They strike joy and dread in most hearts. Can’t you hear it? “Yay, I get to see relatives at a distance I haven’t gotten to see in x years!”
And the grumbles. “So much to do, no time. More to do. More expense. Ouch!”
I’m sure in our large clan there was plenty of both, though I won’t be saying who I think was on which side. Instead I’ll share my perspective.
The reunion weekend started with Hubby and I and our kids and the angels all going to the family cemetery to put new headstones (post Katrina) on my parents’ graves and to put flowers on them and my brothers’ graves. It was emotional. It was moving. The children heard some familiar stories about this or that one–we’re related to everyone buried there–and the angels heard stories of their roots.
Not all the stories were pretty ones. Lives are messy and families are too. But they were honest, and both weave the fabric of where we come from and help us identify with how and why we are who we are.
Then there was a cookout at a beloved cousin’s and I met her new husband–an artist and very kind man–and I got to see cousins and their children and some’s children’s children. That was an unspeakable treat.
The next day was the official reunion.
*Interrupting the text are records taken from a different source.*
(* Let $1\le n\le d$ and let $P_1,\dots,P_n$ be real quadratic forms on $\mathbb{R}^d$ such that for every choice of linearly independent $\vec w_1,\dots,\vec w_{d-n}\in\mathbb{R}^d$, $\det[\nabla P_1(t);\dots;\nabla P_n(t);\vec w_1;\dots;\vec w_{d-n}]\not\equiv0$ as a polynomial in $t$. Let $V\subset\mathbb{R}^{d+n}$ be a linear subspace and let integers $H_1,H_2$ satisfy $0\le H_1\le\min(\dim(V\cap S_1),d-n)$ and $0\le H_2\le\dim(V/S_1)$. Then $\dim(\pi_t(V))\ge H_1+H_2$ for all $t\in\mathbb{R}^d$ outside the zero set of some nontrivial polynomial of degree at most $H_2$.
   Context: $S_1=\mathbb{R}^d\times\{0\}\subset\mathbb{R}^{d+n}$, and $\dim(V/S_1)=\dim V-\dim(V\cap S_1)$. For $t\in\mathbb{R}^d$, $V(t)\subset\mathbb{R}^{d+n}$ is the linear subspace spanned by $(e_j,\partial_jP_1(t),\dots,\partial_jP_n(t))$, $j=1,\dots,d$ (tangent space of the graph of $(P_1,\dots,P_n)$), and $\pi_t$ is the orthogonal projection onto $V(t)$. *)

From HB Require Import structures.
From mathcomp Require Import all_boot all_order all_algebra.
Set Implicit Arguments. Unset Strict Implicit. Unset Printing Implicit Defensive.
Import Order.TTheory GRing.Theory Num.Theory.
Local Open Scope ring_scope.

Section Defs.
Variable R : rcfType.

Definition qform d (A : 'M[R]_d) (t : 'rV[R]_d) : R := (t *m A *m t^T) 0 0.

(* Its gradient (partial derivatives written out):
   d/dt_j (sum_{k,l} A_kl t_k t_l) = sum_l A_jl t_l + sum_k A_kj t_k. *)
Definition qgrad d (A : 'M[R]_d) (t : 'rV[R]_d) : 'rV[R]_d := t *m (A^T + A).

Definition gradmx d n (A : 'I_n -> 'M[R]_d) (t : 'rV[R]_d) : 'M[R]_(n, d) :=
  \matrix_(i < n, j < d) qgrad (A i) t 0 j.

Definition grad_det d n (hnd : (n <= d)%N) (A : 'I_n -> 'M[R]_d)
    (W : 'M[R]_(d - n, d)) (t : 'rV[R]_d) : R :=
  \det (castmx (subnKC hnd, erefl d) (col_mx (gradmx A t) W)).

(* S_1 = R^d x {0} in R^(d+n), as the row space of a square matrix. *)
Definition S1mx d n : 'M[R]_(d + n) := pid_mx d.

Definition Vt d n (A : 'I_n -> 'M[R]_d) (t : 'rV[R]_d) : 'M[R]_(d, d + n) :=
  row_mx 1%:M (gradmx A t)^T.

(* P is (the matrix, acting on row vectors x |-> x *m P, of) the orthogonal
   projection onto the row space of M, for the standard inner product. *)
Definition is_orth_proj m k (M : 'M[R]_(k, m)) (P : 'M[R]_m) : Prop :=
  forall x : 'rV[R]_m, (x *m P <= M)%MS /\ (x - x *m P) *m M^T = 0.

(* Real polynomials in d variables of degree at most k, given by their
   coefficients c alpha on exponent vectors alpha (only those with
   |alpha| <= k are used). *)
Definition expdeg d k (a : {ffun 'I_d -> 'I_k.+1}) : nat := (\sum_i (a i : nat))%N.

Definition mpoly_nontrivial d k (c : {ffun 'I_d -> 'I_k.+1} -> R) : Prop :=
  exists a, (expdeg a <= k)%N /\ c a != 0.

Definition mpoly_eval d k (c : {ffun 'I_d -> 'I_k.+1} -> R) (t : 'rV[R]_d) : R :=
  \sum_(a | (expdeg a <= k)%N) c a * \prod_(i < d) t 0 i ^+ a i.

End Defs.

From HB Require Import structures.
From mathcomp Require Import all_boot all_order all_algebra.
From mathcomp Require Import perm.
Set Implicit Arguments.
Unset Strict Implicit.
Unset Printing Implicit Defensive.

Import Order.TTheory GRing.Theory Num.Theory.
Local Open Scope ring_scope.

(* Take rows (u_i, 0) of V inside S_1 with u_1, ..., u_H1 independent, and rows
   (y_j, z_j) of V with z_1, ..., z_H2 independent.  Pairing them with the
   spanning rows (e_k, grad P(t)_k) of V(t) gives the matrix
   N(t) = [U; Y + Z grad P(t)]; whenever N(t) has full row rank, so do the
   projections of these rows onto V(t), whence dim pi_t(V) >= H1 + H2.
   A maximal minor of N(t) is a polynomial of degree <= H2, because only the
   lower H2 rows depend on t, affinely.  It is not identically zero: the
   hypothesis applied to a completion W of U gives t0 with [grad P(t0); W]
   invertible, so [U; Z grad P(t0)] has full row rank, and along the ray
   t = s t0 the matrix N(t) has full row rank for all but finitely many s. *)

Section PolynomialFunctions.
Variables (R : rcfType) (d K : nat).
Local Notation expvec := {ffun 'I_d -> 'I_K.+1}.

(* Exponents range over 'I_K.+1, so only degrees up to K are representable:
   hence the side condition k + l <= K on products. *)
Definition polyfun k (f : 'rV[R]_d -> R) :=
  exists c : expvec -> R,
    (forall a, (k < expdeg a)%N -> c a = 0) /\ f =1 mpoly_eval c.

Definition monom (a : expvec) (t : 'rV[R]_d) : R := \prod_(i < d) t 0 i ^+ a i.

Lemma polyfun_eq k f g : f =1 g -> polyfun k g -> polyfun k f.
Proof. by move=> fg [c [c0 gc]]; exists c; split=> // t; rewrite fg. Qed.

Lemma polyfun_monom k a x : (expdeg a <= k)%N -> (expdeg a <= K)%N ->
  polyfun k (fun t => x * monom a t).
Proof.
move=> ak aK; exists (fun b => if b == a then x else 0); split.
  by move=> b; case: eqP => // ->; rewrite ltnNge ak.
move=> t; rewrite /mpoly_eval (bigD1 a) //= eqxx [X in _ + X]big1 ?addr0 //.
by move=> b /andP[_ /negbTE ->]; rewrite mul0r.
Qed.

Lemma polyfun_cst k x : polyfun k (fun _ => x).
Proof.
pose a0 : expvec := [ffun => ord0].
have deg_a0 : expdeg a0 = 0%N by rewrite /expdeg big1 // => i _; rewrite ffunE.
apply: (polyfun_eq _ (polyfun_monom (a := a0) x _ _)); rewrite ?deg_a0 // => t.
by rewrite /monom big1 ?mulr1 // => i _; rewrite ffunE expr0.
Qed.

Lemma polyfun_coord i : (0 < K)%N -> polyfun 1 (fun t => t 0 i).
Proof.
move=> K_gt0; pose ai : expvec := [ffun j => if j == i then inord 1 else ord0].
have ai_i : (ai i : nat) = 1%N by rewrite ffunE eqxx inordK.
have ai_j j : j != i -> (ai j : nat) = 0%N by move/negbTE; rewrite ffunE => ->.
have deg_ai : expdeg ai = 1%N.
  by rewrite /expdeg (bigD1 i) //= big1 ?ai_i // => j /ai_j.
apply: (polyfun_eq _ (polyfun_monom (a := ai) 1 _ _)); rewrite ?deg_ai // => t.
by rewrite mul1r /monom (bigD1 i) //= big1 ?mulr1 ?ai_i // => j /ai_j ->.
Qed.

Lemma polyfunD k f g : polyfun k f -> polyfun k g -> polyfun k (fun t => f t + g t).
Proof.
move=> [c [c0 fc]] [c' [c'0 gc']]; exists (fun a => c a + c' a); split.
  by move=> a la; rewrite c0 // c'0 // addr0.
by move=> t; rewrite fc gc' /mpoly_eval -big_split; apply: eq_bigr => a _; rewrite mulrDl.
Qed.

Lemma polyfunZ k x f : polyfun k f -> polyfun k (fun t => x * f t).
Proof.
move=> [c [c0 fc]]; exists (fun a => x * c a); split.
  by move=> a la; rewrite c0 // mulr0.
by move=> t; rewrite fc /mpoly_eval big_distrr; apply: eq_bigr => a _; apply: mulrA.
Qed.

Lemma polyfun_sum k (I : Type) (r : seq I) (P : pred I) (F : I -> 'rV[R]_d -> R) :
  (forall i, polyfun k (F i)) -> polyfun k (fun t => \sum_(i <- r | P i) F i t).
Proof.
move=> hF; elim: r => [|x r IH].
  by apply: (polyfun_eq _ (polyfun_cst k 0)) => t; rewrite big_nil.
apply: (polyfun_eq (g := fun t => (if P x then F x t else 0) + \sum_(i <- r | P i) F i t)).
  by move=> t; rewrite big_cons; case: (P x); rewrite ?add0r.
by apply: polyfunD => //; case: (P x); [apply: hF | apply: polyfun_cst].
Qed.

Lemma expdeg_ge (a : expvec) i : (a i <= expdeg a)%N.
Proof. by rewrite /expdeg (bigD1 i) //= leq_addr. Qed.

Lemma polyfun_evalE k c t : (k <= K)%N -> (forall a, (k < expdeg a)%N -> c a = 0) ->
  mpoly_eval c t = \sum_(a | (expdeg a <= k)%N) c a * monom a t.
Proof.
move=> kK c0; rewrite /mpoly_eval (bigID (fun a => expdeg a <= k)%N) /=.
rewrite [X in _ + X]big1 ?addr0; last first.
  by move=> a /andP[_]; rewrite -ltnNge => /c0 ->; rewrite mul0r.
apply: eq_bigl => a; apply/andP/idP => [[] //|ak]; split=> //.
exact: leq_trans ak kK.
Qed.

(* The coefficient of a monomial e in a product collects all pairs of exponent
   vectors summing to e; the sum never overflows thanks to k + l <= K. *)
Lemma polyfunM k l f g : (k + l <= K)%N -> polyfun k f -> polyfun l g ->
  polyfun (k + l) (fun t => f t * g t).
Proof.
move=> klK [c [c0 fc]] [c' [c'0 gc']].
pose Q (p : expvec * expvec) := (expdeg p.1 <= k)%N && (expdeg p.2 <= l)%N.
pose add (p : expvec * expvec) : expvec := [ffun i => inord (p.1 i + p.2 i)].
have addE p : Q p -> forall i, (add p i : nat) = (p.1 i + p.2 i)%N.
  case/andP=> q1 q2 i; rewrite ffunE inordK // ltnS (leq_trans _ klK) // leq_add //.
    exact: leq_trans (expdeg_ge _ _) q1.
  exact: leq_trans (expdeg_ge _ _) q2.
have deg_add p : Q p -> expdeg (add p) = (expdeg p.1 + expdeg p.2)%N.
  by move=> qp; rewrite /expdeg -big_split; apply: eq_bigr => i _; rewrite addE.
have monom_add p t : Q p -> monom (add p) t = monom p.1 t * monom p.2 t.
  by move=> qp; rewrite /monom -big_split; apply: eq_bigr => i _; rewrite addE // exprD.
exists (fun e => \sum_(p | Q p && (add p == e)) c p.1 * c' p.2); split.
  move=> e; rewrite ltnNge => /negP le; rewrite big1 // => p /andP[qp /eqP ep].
  by case: le; case/andP: (qp) => q1 q2; rewrite -ep deg_add // leq_add.
have kK : (k <= K)%N := leq_trans (leq_addr _ _) klK.
have lK : (l <= K)%N := leq_trans (leq_addl _ _) klK.
move=> t; rewrite fc gc' (polyfun_evalE _ kK c0) (polyfun_evalE _ lK c'0) big_distrl /=.
under eq_bigr => a _ do rewrite big_distrr /=.
rewrite pair_big_dep /= (partition_big add (fun e => (expdeg e <= K)%N)) /=; last first.
  by move=> p qp; rewrite deg_add // (leq_trans _ klK) // leq_add //; case/andP: qp.
apply: eq_bigr => e _; rewrite big_distrl /=.
apply: eq_bigr => p /andP[qp /eqP <-].
by rewrite -[X in _ = _ * X]/(monom (add p) t) monom_add // mulrACA.
Qed.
One aunt who is ill couldn’t be there. I missed her. But oh how wonderful it was to see the others and to hear what’s up in their lives. To see the children of an aunt I was very close to who’s passed on. Many of them have their own angels now and what a lovely bunch.
I won’t be dismissive of the bittersweet angle of this. There definitely was one. As I sat among the clan and looked around I was moved by those who had been there in the past but are no longer with us. There were a lot of people in that group. So many I found myself with stinging eyes and an aching heart.
But I remembered them, and saw bits of them in their children and grandchildren and that acted like a salve on an open wound.
And that is why the effort of making those family reunions is worth it. More than worth it. Because one day we’re all going to be sitting there looking back at the empty seats and remembering. We’ll laugh, we’ll cry, we’ll live.
And that we live, with our families… well, that’s the majesty in life.
Being there meant the world to me. That my kids and grands got a sense of their people was priceless.